The deviation of the complete case and multiple imputation estimates aren’t too off which has to do with age_num being a rather moderate confounder in this simulation. Nevertheless, in reality we don’t know this for sure and a sensitivity analysis would probably make sense to test the robustness of our primary analysis.

NARFCS imputation

As mentioned above, under an MNAR(value) mechanism, the true (but unobserved) values of a variable systematically differ from the observed values and this difference is reflected in the sensitivity parameter 𝛅. More specifically, the interpretation of 𝛅 would be the difference in the distribution of missing and observed age_num values conditional on other covariates. Hence, for continuous covariates (like in our example) it would be the difference in mean conditional on female_cat + ecog_cat + smoking_cat + physical_cat + egfr_cat + alk_cat + pdl1_num + histology_cat + copd_cat + ses_cat_1_low + ses_cat_2_middle.

If in reality, we would know this sensitivity parameter, we could easily plug it into our NARFCS.

Tipping point analysis

But unfortunately, in reality we usually don’t know the value of 𝛅 and relying on a single 𝛅 may be not too reassuring. Nevertheless, we want to make sure that whatever analytic decision we chose for our primary analysis (be it a complete case approach or an imputation approach), our results would not drastically change if the true underlying missingness mechanism was MNAR(value).

This is where the NARFCS sensitivity analysis comes in handy as its strengths as it is also often used as a tipping point analysis, i.e., we model multiple NARFCS-specified imputation models over a range of realistic 𝛅 sensitivity parameters and evaluate if at any pre-specified 𝛅, our confidence interval would cross a certain estimate threshold which would discard the global conclusion of our primary analysis.

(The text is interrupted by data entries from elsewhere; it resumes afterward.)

(* Let $f_k:\mathbb{R}^n\to\mathbb{R}$ be convex, continuously differentiable, $L_k$-smooth and bounded below, $k=1,\dots,N$, and let $L_{\max}=\max_kL_k$. Set $\tau=\frac{2}{\mu_{\min}+L_{\max}}$ if every $f_k$ is additionally $\mu_k$-strongly convex (with $\mu_{\min}=\min_k\mu_k$), and $\tau=\frac1{L_{\max}}$ otherwise. Let $G_\theta$ be any of the parametrisations (P1)–(P4) and $\tilde\theta$ a parameter with $G_{\tilde\theta}=\tau I$. Given initial points $x_k^0$, define iterates $x_k^{t+1}=x_k^t-G_{\theta_t}\nabla f_k(x_k^t)$, where at each $t$ the parameter $\theta_t$ satisfies $g_t(\theta_t)\le g_t(\tilde\theta)$, with $g_t(\theta)=\frac1N\sum_{k=1}^N f_k(x_k^t-G_\theta\nabla f_k(x_k^t))$. Then $\nabla f_k(x_k^t)\to0$ as $t\to\infty$ for every $k\in\{1,\dots,N\}$.
   Context: Parametrisations: (P1) $G_\alpha=\alpha I$; (P2) $G_p=\operatorname{diag}(p)$; (P3) $G_P=P\in\mathbb{R}^{n\times n}$; (P4) $G_\kappa x=\kappa\ast x$ (2D zero-padded convolution of an image $x\in\mathbb{R}^{m_1\times m_2}$, $n=m_1m_2$, with a kernel $\kappa$). A function is $L$-smooth if its gradient is $L$-Lipschitz; $\mu$-strongly convex if $f-\frac\mu2\|\cdot\|_2^2$ is convex. *)

From HB Require Import structures.
From mathcomp Require Import all_boot all_order all_algebra.
From mathcomp Require Import all_classical all_reals all_analysis.
Set Implicit Arguments. Unset Strict Implicit. Unset Printing Implicit Defensive.
Import Order.TTheory GRing.Theory Num.Theory.
Import numFieldNormedType.Exports.
Local Open Scope ring_scope.

Section Defs.
Variable R : realType.

Definition dotv (n : nat) (u v : 'rV[R]_n) : R := \sum_(i < n) u 0 i * v 0 i.
Definition norm2 (n : nat) (v : 'rV[R]_n) : R := Num.sqrt (dotv v v).

Definition convex_fun (n : nat) (f : 'rV[R]_n -> R) : Prop :=
  forall (x y : 'rV[R]_n) (a : R), 0 <= a -> a <= 1 ->
    f (a *: x + (1 - a) *: y) <= a * f x + (1 - a) * f y.

Definition strongly_convex (n : nat) (mu : R) (f : 'rV[R]_n -> R) : Prop :=
  convex_fun (fun x => f x - mu / 2 * (norm2 x) ^+ 2).

Definition is_gradient (n : nat) (f : 'rV[R]_n -> R) (grad : 'rV[R]_n -> 'rV[R]_n) : Prop :=
  forall x : 'rV[R]_n, differentiable f x /\ forall v, 'd f x v = dotv (grad x) v.

Definition lsmooth (n : nat) (L : R) (grad : 'rV[R]_n -> 'rV[R]_n) : Prop :=
  forall x y, norm2 (grad x - grad y) <= L * norm2 (x - y).

Definition bounded_below (n : nat) (f : 'rV[R]_n -> R) : Prop :=
  exists m : R, forall x, m <= f x.

(* maximum / minimum of a finite nonempty family (0 for the empty family) *)
Definition maxf (N : nat) : ('I_N -> R) -> R :=
  match N with 0 => fun _ => 0 | N'.+1 => fun u => \big[Num.max/u ord0]_(k < N'.+1) u k end.
Definition minf (N : nat) : ('I_N -> R) -> R :=
  match N with 0 => fun _ => 0 | N'.+1 => fun u => \big[Num.min/u ord0]_(k < N'.+1) u k end.

(* 2D zero-padded ("same") convolution of an image x in R^{m1 x m2} with a
   kernel of size (2 r1 + 1) x (2 r2 + 1) centred at (r1, r2):
   (kappa * x)(i,j) = sum_{a,b} kappa(a,b) x(i + r1 - a, j + r2 - b),
   with x = 0 outside its support. *)
Definition img_at (m1 m2 : nat) (x : 'M[R]_(m1, m2)) (i j : int) : R :=
  match i, j with
  | Posz i', Posz j' =>
      (match insub i' : option 'I_m1 with
       | Some ii => match insub j' : option 'I_m2 with
                    | Some jj => x ii jj | None => 0 end
       | None => 0 end)
  | _, _ => 0
  end.

Definition conv2 (m1 m2 r1 r2 : nat) (kappa : 'M[R]_(r1.*2.+1, r2.*2.+1))
  (x : 'M[R]_(m1, m2)) : 'M[R]_(m1, m2) :=
  \matrix_(i < m1, j < m2)
    \sum_(a < r1.*2.+1) \sum_(b < r2.*2.+1)
      kappa a b * img_at x (i%:Z + r1%:Z - a%:Z) (j%:Z + r2%:Z - b%:Z).

(* The four parametrisations (P1)-(P4) of the preconditioner G_theta on R^n *)
Inductive param (n : nat) : Type :=
  | P1 : param n
  | P2 : param n
  | P3 : param n
  | P4 : forall m1 m2 r1 r2 : nat, (m1 * m2)%N = n -> param n.

Definition ptype (n : nat) (p : param n) : Type :=
  match p with
  | P1 => R
  | P2 => 'rV[R]_n
  | P3 => 'M[R]_n
  | P4 _ _ r1 r2 _ => 'M[R]_(r1.*2.+1, r2.*2.+1)
  end.

(* action of G_theta on a vector v in R^n (row-vector convention: P v is v *m P^T) *)
Definition Gmap (n : nat) (p : param n) : ptype p -> 'rV[R]_n -> 'rV[R]_n :=
  match p as p0 return ptype p0 -> 'rV[R]_n -> 'rV[R]_n with
  | P1 => fun alpha v => alpha *: v
  | P2 => fun d v => \row_i (d 0 i * v 0 i)
  | P3 => fun P v => v *m P^T
  | P4 m1 m2 r1 r2 e => fun kappa v =>
      castmx (erefl 1%N, e)
        (mxvec (conv2 kappa (vec_mx (castmx (erefl 1%N, esym e) v))))
  end.

End Defs.

(* Each f_k has an L_max-smooth gradient, so the descent lemma shows that the
   reference step x - tau grad f(x) lowers f by at least
   c |grad f(x)|^2 with c = tau - L_max tau^2 / 2 > 0 (both choices of tau
   satisfy tau L_max < 2).  Since theta_t does at least as well as the
   reference parameter on the average of the f_k, the sum of the f_k decreases
   along the iterates by c |grad f_k(x_k^t)|^2 at every step; being bounded
   below, the sum of these decrements converges, so the gradients tend to 0. *)

From mathcomp Require Import all_boot all_order all_algebra.
From mathcomp Require Import all_classical all_reals all_analysis.
From mathcomp Require Import ring lra.
Set Implicit Arguments. Unset Strict Implicit. Unset Printing Implicit Defensive.
Import Order.TTheory GRing.Theory Num.Theory.
Import numFieldNormedType.Exports.
Local Open Scope classical_set_scope.
Local Open Scope ring_scope.

Section InnerProduct.
Variables (R : realType) (n : nat).
Implicit Types (u v w : 'rV[R]_n) (a : R).

Lemma dotv_ge0 v : 0 <= dotv v v.
Proof. by apply: sumr_ge0 => i _; rewrite -expr2 sqr_ge0. Qed.

Lemma dotvBl u v w : dotv (u - v) w = dotv u w - dotv v w.
Proof. by rewrite /dotv -sumrB; apply: eq_bigr => i _; rewrite !mxE; ring. Qed.

Lemma dotvZr a u v : dotv u (a *: v) = a * dotv u v.
Proof. by rewrite /dotv mulr_sumr; apply: eq_bigr => i _; rewrite !mxE; ring. Qed.

Lemma dotvZZ a v : dotv (a *: v) (a *: v) = a ^+ 2 * dotv v v.
Proof. by rewrite /dotv mulr_sumr; apply: eq_bigr => i _; rewrite !mxE; ring. Qed.

Lemma norm2_ge0 v : 0 <= norm2 v.
Proof. exact: sqrtr_ge0. Qed.

Lemma norm2_sqr v : norm2 v ^+ 2 = dotv v v.
Proof. by rewrite /norm2 sqr_sqrtr // dotv_ge0. Qed.

Lemma dotv_young u v (c : R) : 0 < c ->
  dotv u v <= dotv u u / (2 * c) + c / 2 * dotv v v.
Proof.
move=> c_gt0; rewrite /dotv mulr_suml mulr_sumr -big_split /=.
apply: ler_sum => i _.
have -> : u 0 i * u 0 i / (2 * c) + c / 2 * (v 0 i * v 0 i) =
          (u 0 i - c * v 0 i) ^+ 2 / (2 * c) + u 0 i * v 0 i.
  by field; rewrite gt_eqF.
by rewrite lerDr divr_ge0 ?sqr_ge0 // mulr_ge0 // ltW.
Qed.

(* The matrix norm of 'rV_n is the sup norm, which the 2-norm dominates. *)
Lemma normr_lt_dotv v (e : R) : 0 < e -> dotv v v < e ^+ 2 -> `|v| < e.
Proof.
move=> e_gt0 ve; rewrite /Num.norm /= mx_normrE.
elim/big_ind: _ => // [a b ha hb|[i j] _]; first by rewrite gt_max ha hb.
rewrite /= (ord1 i) -(ltr_pXn2r (n := 2)) ?nnegrE ?normr_ge0 ?ltW //.
rewrite real_normK ?num_real //; apply: le_lt_trans ve.
rewrite /dotv (bigD1 j) //= -expr2 lerDl.
by apply: sumr_ge0 => l _; rewrite -expr2 sqr_ge0.
Qed.

Lemma cvg_dotv0 (v : nat -> 'rV[R]_n) :
  (fun t => dotv (v t) (v t)) @ \oo --> (0 : R) -> v @ \oo --> (0 : 'rV[R]_n).
Proof.
move=> /cvgr0Pnorm_lt dv0; apply/cvgr0Pnorm_lt => e e_gt0.
apply: filterS (dv0 _ (exprn_gt0 2 e_gt0)) => t.
by rewrite ger0_norm ?dotv_ge0 //; exact: normr_lt_dotv.
Qed.

End InnerProduct.

Section DescentLemma.
Variables (R : realType) (n : nat) (f : 'rV[R]_n -> R) (grad : 'rV[R]_n -> 'rV[R]_n).
Hypothesis grad_f : is_gradient f grad.

Lemma is_derive_line x d (s : R) :
  is_derive s 1 (fun t : R => f (x + t *: d)) (dotv (grad (x + s *: d)) d).
Proof.
have [df dfE] := grad_f (x + s *: d).
pose h t := f (x + t *: d).
have quotE : (fun t : R => t^-1 *: ((h \o shift s) (t *: 1) - h s)) =
    (fun t => t^-1 *: ((f \o shift (x + s *: d)) (t *: d) - f (x + s *: d))).
  apply: funext => t /=; rewrite /h; congr (_ *: (f _ - _)).
  by rewrite [t *: 1]mulr1 scalerDl addrCA addrA.
apply: DeriveDef; first by rewrite /derivable quotE; exact: diff_derivable.
by rewrite /derive quotE -/(derive f (x + s *: d) d) deriveE.
Qed.

Variable L : R.
Hypotheses (L_gt0 : 0 < L) (smooth_f : lsmooth L grad).

Lemma lsmooth_dotv_incr x d (c : R) : 0 < c ->
  dotv (grad (x + c *: d) - grad x) d <= c * L * dotv d d.
Proof.
move=> c_gt0; set u := grad (x + c *: d) - grad x; set b := dotv d d.
have cL_gt0 : 0 < c * L by rewrite mulr_gt0.
have uu : dotv u u <= L ^+ 2 * (c ^+ 2 * b).
  rewrite -norm2_sqr -dotvZZ -norm2_sqr -exprMn.
  have := smooth_f (x + c *: d) x; rewrite addrAC subrr add0r => hu.
  by rewrite lerXn2r // ?nnegrE ?norm2_ge0 // mulr_ge0 // ?norm2_ge0 // ltW.
apply: le_trans (dotv_young u d cL_gt0) _.
have -> : c * L * b = L ^+ 2 * (c ^+ 2 * b) / (2 * (c * L)) + c * L / 2 * b.
  by field; rewrite !gt_eqF.
by rewrite lerD2r ler_pM2r // invr_gt0 mulr_gt0.
Qed.

(* Mean value theorem applied to
   phi t = f (x + t d) - t <grad x, d> - L/2 t^2 |d|^2, which is nonincreasing. *)
Lemma descent_lemma x d :
  f (x + d) <= f x + dotv (grad x) d + L / 2 * dotv d d.
Proof.
set a := dotv (grad x) d; set b := dotv d d.
pose h t := f (x + t *: d).
pose phi : R -> R :=
  h - a \*: (id : R -> R) - (L / 2 * b) \*: ((id : R -> R) * (id : R -> R)).
pose dphi (c : R) := dotv (grad (x + c *: d)) d - a *: (1 : R)
                     - (L / 2 * b) *: (c *: (1 : R) + c *: (1 : R)).
have phi_derive c : is_derive c (1 : R) phi (dphi c).
  by apply: is_deriveB; first apply: is_deriveB; exact: is_derive_line.
have phi_cont : {within `[0, 1], continuous phi}.
  apply: continuous_subspaceT => c; apply: differentiable_continuous.
  by apply/derivable1_diffP; exact: ex_derive.
have [c /andP[c_gt0 _] phiE] := MVT ltr01 (fun c _ => phi_derive c) phi_cont.
have dphi_le0 : dphi c <= 0.
  have := lsmooth_dotv_incr x d c_gt0; rewrite dotvBl -/a -/b.
  by rewrite /dphi /GRing.scale /= !mulr1 => incr; lra.
have : phi 1 <= phi 0 by rewrite -subr_le0 phiE subr0 mulr1.
rewrite /phi /h !fctE /= scale1r scale0r addr0 /GRing.scale /= !mulr1 !mulr0.
lra.
Qed.

End DescentLemma.

Lemma gradient_step_decrease (R : realType) n (f : 'rV[R]_n -> R) grad (L Lm tau : R) :
  is_gradient f grad -> lsmooth L grad -> 0 < L -> L <= Lm -> forall x,
  f (x - tau *: grad x) <= f x - (tau - Lm / 2 * tau ^+ 2) * dotv (grad x) (grad x).
Proof.
move=> grad_f smooth_f L_gt0 LLm x.
apply: (le_trans (descent_lemma grad_f L_gt0 smooth_f x (- (tau *: grad x)))).
rewrite -scaleNr dotvZr dotvZZ sqrrN -subr_ge0.
set D := dotv _ _.
have -> : f x - (tau - Lm / 2 * tau ^+ 2) * D - (f x + - tau * D + L / 2 * (tau ^+ 2 * D))
        = (Lm - L) / 2 * (tau ^+ 2 * D) by ring.
apply: mulr_ge0; first by rewrite mulr_ge0 ?subr_ge0 ?invr_ge0.
by rewrite mulr_ge0 ?sqr_ge0 ?dotv_ge0.
Qed.

Lemma descent_coeff_gt0 (R : realFieldType) (Lm tau : R) :
  0 < tau -> tau * Lm < 2 -> 0 < tau - Lm / 2 * tau ^+ 2.
Proof.
move=> tau_gt0 tauLm_lt2.
have -> : tau - Lm / 2 * tau ^+ 2 = tau * (1 - tau * Lm / 2) by ring.
by rewrite mulr_gt0 // subr_gt0 ltr_pdivrMr //; lra.
Qed.

Lemma sufficient_decrease_cvg0 (R : realType) (F u : R ^nat) (c m : R) : 0 < c ->
  (forall t, 0 <= u t) -> (forall t, F t.+1 <= F t - c * u t) ->
  (forall t, m <= F t) -> u @ \oo --> 0.
Proof.
move=> c_gt0 u_ge0 F_decr F_ge.
have partial_le T : c * series u T <= F 0%N - F T.
  elim: T => [|T IH]; first by rewrite /series /= big_geq // mulr0 subrr.
  by rewrite seriesSr mulrDr; have := F_decr T; lra.
apply: cvg_series_cvg_0; apply: nondecreasing_is_cvgn.
  by rewrite seriesEnat; apply: (nondecreasing_series (P := predT)) => t _ _.
exists ((F 0%N - m) / c) => _ [T _ <-].
by rewrite ler_pdivlMr // mulrC; have := F_ge T; have := partial_le T; lra.
Qed.

Lemma maxf_ge (R : realType) N (u : 'I_N -> R) k : u k <= maxf u.
Proof. by case: N u k => [|N] u k; [case: k | exact: le_bigmax]. Qed.

Lemma minf_gt0 (R : realType) N (u : 'I_N -> R) :
  (0 < N)%N -> (forall k, 0 < u k) -> 0 < minf u.
Proof.
case: N u => [//|N] u _ u_gt0 /=.
by elim/big_ind: _ => // a b ha hb; rewrite lt_min ha hb.
Qed.

Theorem mainTheorem13 (R : realType) (n N : nat) (p : param n)
  (f : 'I_N -> 'rV[R]_n -> R) (grad : 'I_N -> 'rV[R]_n -> 'rV[R]_n)
  (L : 'I_N -> R) (strong : option ('I_N -> R))
  (thetatilde : ptype R p) (x : nat -> 'I_N -> 'rV[R]_n) (theta : nat -> ptype R p) :
  (0 < N)%N ->
  (forall k, convex_fun (f k)) ->
  (forall k, is_gradient (f k) (grad k)) ->
  (forall k, continuous (grad k)) ->
  (forall k, 0 < L k) ->
  (forall k, lsmooth (L k) (grad k)) ->
  (forall k, bounded_below (f k)) ->
  (match strong with
   | Some mu => forall k, 0 < mu k /\ strongly_convex (mu k) (f k)
   | None => True end) ->
  let tau := match strong with
             | Some mu => 2 / (minf mu + maxf L)
             | None => 1 / maxf L end in
  (forall v, @Gmap R n p thetatilde v = tau *: v) ->
  (forall t k, x t.+1 k = x t k - @Gmap R n p (theta t) (grad k (x t k))) ->
  let g t (th : ptype R p) :=
    N%:R^-1 * \sum_(k < N) f k (x t k - @Gmap R n p th (grad k (x t k))) in
  (forall t, g t (theta t) <= g t thetatilde) ->
  forall k, (fun t => grad k (x t k)) @ \oo --> (0 : 'rV[R]_n).
Proof.
move=> N_gt0 _ grad_f _ L_gt0 smooth_f f_bdd strongP tau Gtilde x_step g theta_better k.
set Lm := maxf L.
have Lm_gt0 : 0 < Lm := lt_le_trans (L_gt0 k) (maxf_ge L k).
have [tau_gt0 tauLm_lt2] : 0 < tau /\ tau * Lm < 2.
  rewrite /tau; case: strong strongP {tau Gtilde g theta_better} => [mu mu_gt0|_].
    have mmu_gt0 : 0 < minf mu by apply: minf_gt0 => // j; case: (mu_gt0 j).
    rewrite divr_gt0 ?addr_gt0 // mulrAC ltr_pdivrMr ?addr_gt0 // -/Lm.
    by split => //; lra.
  by split; [rewrite divr_gt0 | rewrite mul1r mulVf ?gt_eqF // ltr1n].
pose c := tau - Lm / 2 * tau ^+ 2.
have c_gt0 : 0 < c := descent_coeff_gt0 tau_gt0 tauLm_lt2.
pose F t := \sum_(j < N) f j (x t j).
have F_decr t : F t.+1 <= F t - c * dotv (grad k (x t k)) (grad k (x t k)).
  have := theta_better t; rewrite /g ler_pM2l ?invr_gt0 ?ltr0n //.
  under eq_bigr do rewrite -x_step.
  under [X in _ <= X -> _]eq_bigr do rewrite Gtilde.
  have step j := gradient_step_decrease tau (grad_f j) (smooth_f j)
                   (L_gt0 j) (maxf_ge L j) (x t j).
  move=> /le_trans; apply; apply: le_trans (ler_sum _ (fun j _ => step j)) _.
  rewrite sumrB lerB // -mulr_sumr ler_pM2l // (bigD1 k) //= lerDl.
  by apply: sumr_ge0 => j _; exact: dotv_ge0.
have [m m_le] : exists m, forall t, m <= F t.
  have /choice [mf mf_le] := f_bdd.
  by exists (\sum_(j < N) mf j) => t; apply: ler_sum => j _.
apply: cvg_dotv0; exact: sufficient_decrease_cvg0 c_gt0 (fun t => dotv_ge0 _) F_decr m_le.
Qed.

# initialize method vector
method_vector <- rep("", ncol(smdi_data_mnar_v))

# columns for narfcs imputation with sensitivity parameter
mnar_imp_method <- which(colnames(smdi_data_mnar_v) == "age_num")

# update method vector
method_vector <- replace(x = method_vector, list = c(mnar_imp_method), values = c("mnar.norm"))

# modeled over a range of deltas
narfcs_modeled <- function(i){
  
  # mnar model specification ('i' is delta parameter)
  mnar_blot <- list(age_num = list(ums = paste(i)))

  narfcs_imp <- mice(
    data = smdi_data_mnar_v,
    method = method_vector,
    blots = mnar_blot,
    seed = 42, 
    print = FALSE
    ) %>% 
    with(
      expr = coxph(formula(paste(format(cox_form), collapse = "")))
      ) %>% 
    pool() %>% 
    summary(conf.int = TRUE, exponentiate = TRUE) %>% 
    filter(term == "exposure") %>% 
    select(term, estimate, conf.low = `2.5 %`, conf.high = `97.5 %`, std.error) %>% 
    mutate(delta = i)
  
} 

narfcs_range <- lapply(
  X = seq(-25, 25, 1),
  FUN = narfcs_modeled
  )

narfcs_range_df <- do.call(rbind, narfcs_range)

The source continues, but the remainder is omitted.